▶ _WHAT TO PRODUCE_
Work through the entries below and show every line in which "Lemma" is found.

▶ _TASK MATERIAL_
Definition simulates (ki : nat -> kind) (coded : nat -> bool)
    (ia : nat -> univ G) (sa : nat -> {set univ G})
    (ia' : nat -> univ S) (sa' : nat -> {set univ S}) (f : form) : Prop :=
  [/\ ia 0 = inr e1, ia 1 = inr e2, sa 0 = edge_set F,
      forall x, ifree x f -> valid (ki x) (ia x.+2) /\ decode (ki x) (ia x.+2) = ia' x &
      forall X, sfree X f ->
        if coded X then coded_set (sa' X) (fun k => sa (svar X k))
        else sa' X = edge_set (lift_edges e1 e2 F)].

Lemma simulates_split ki coded ia sa ia' sa' f g h :
  simulates ki coded ia sa ia' sa' f ->
  (forall n, ifree n f = ifree n g || ifree n h) ->
  (forall n, sfree n f = sfree n g || sfree n h) ->
  simulates ki coded ia sa ia' sa' g /\ simulates ki coded ia sa ia' sa' h.
Proof.
move=> [? ? ? Hi Hs] fi fs.
by split; split=> // n Hn; [apply: Hi | apply: Hs | apply: Hi | apply: Hs];
  rewrite ?fi ?fs Hn ?orbT.
Qed.

Lemma simulates_upd_ind ki coded ia sa ia' sa' f g (x : nat) k u :
  simulates ki coded ia sa ia' sa' f -> valid k u ->
  (forall m, m != x -> ifree m g -> ifree m f) -> (forall X, sfree X g -> sfree X f) ->
  simulates (upd ki x k) coded (upd ia x.+2 u) sa (upd ia' x (decode k u)) sa' g.
Proof.
move=> [? ? ? Hi Hs] ku gf gfs; split=> // [m gm | X /gfs /Hs //].
rewrite /upd !eqSS; case: eqP => [_ | /eqP mx]; first by split.
exact/Hi/gf.
Qed.

Lemma simulates_upd_set ki coded ia sa ia' sa' f g (X : nat) Xs X' :
  simulates ki coded ia sa ia' sa' f -> coded_set X' Xs ->
  (forall n, ifree n g -> ifree n f) -> (forall Y, Y != X -> sfree Y g -> sfree Y f) ->
  simulates ki (upd coded X true) ia (upd_kinds sa X Xs) ia' (upd sa' X X') g.
Proof.
move=> [? ? ? Hi Hs] cX gf gfs; split=> // [x /gf /Hi // | Y gY].
rewrite /upd; case: eqP => [-> k u ku | /eqP YX].
  by rewrite upd_kinds_svar eqxx; exact: cX.
have /Hs := gfs Y YX gY; case: (coded Y) => // cY k u ku.
by rewrite upd_kinds_svar (negbTE YX); exact: cY.
Qed.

▶ _EXERCISE SOLUTION_
Lemma simulates_split ki coded ia sa ia' sa' f g h :
Lemma simulates_upd_ind ki coded ia sa ia' sa' f g (x : nat) k u :
Lemma simulates_upd_set ki coded ia sa ia' sa' f g (X : nat) Xs X' :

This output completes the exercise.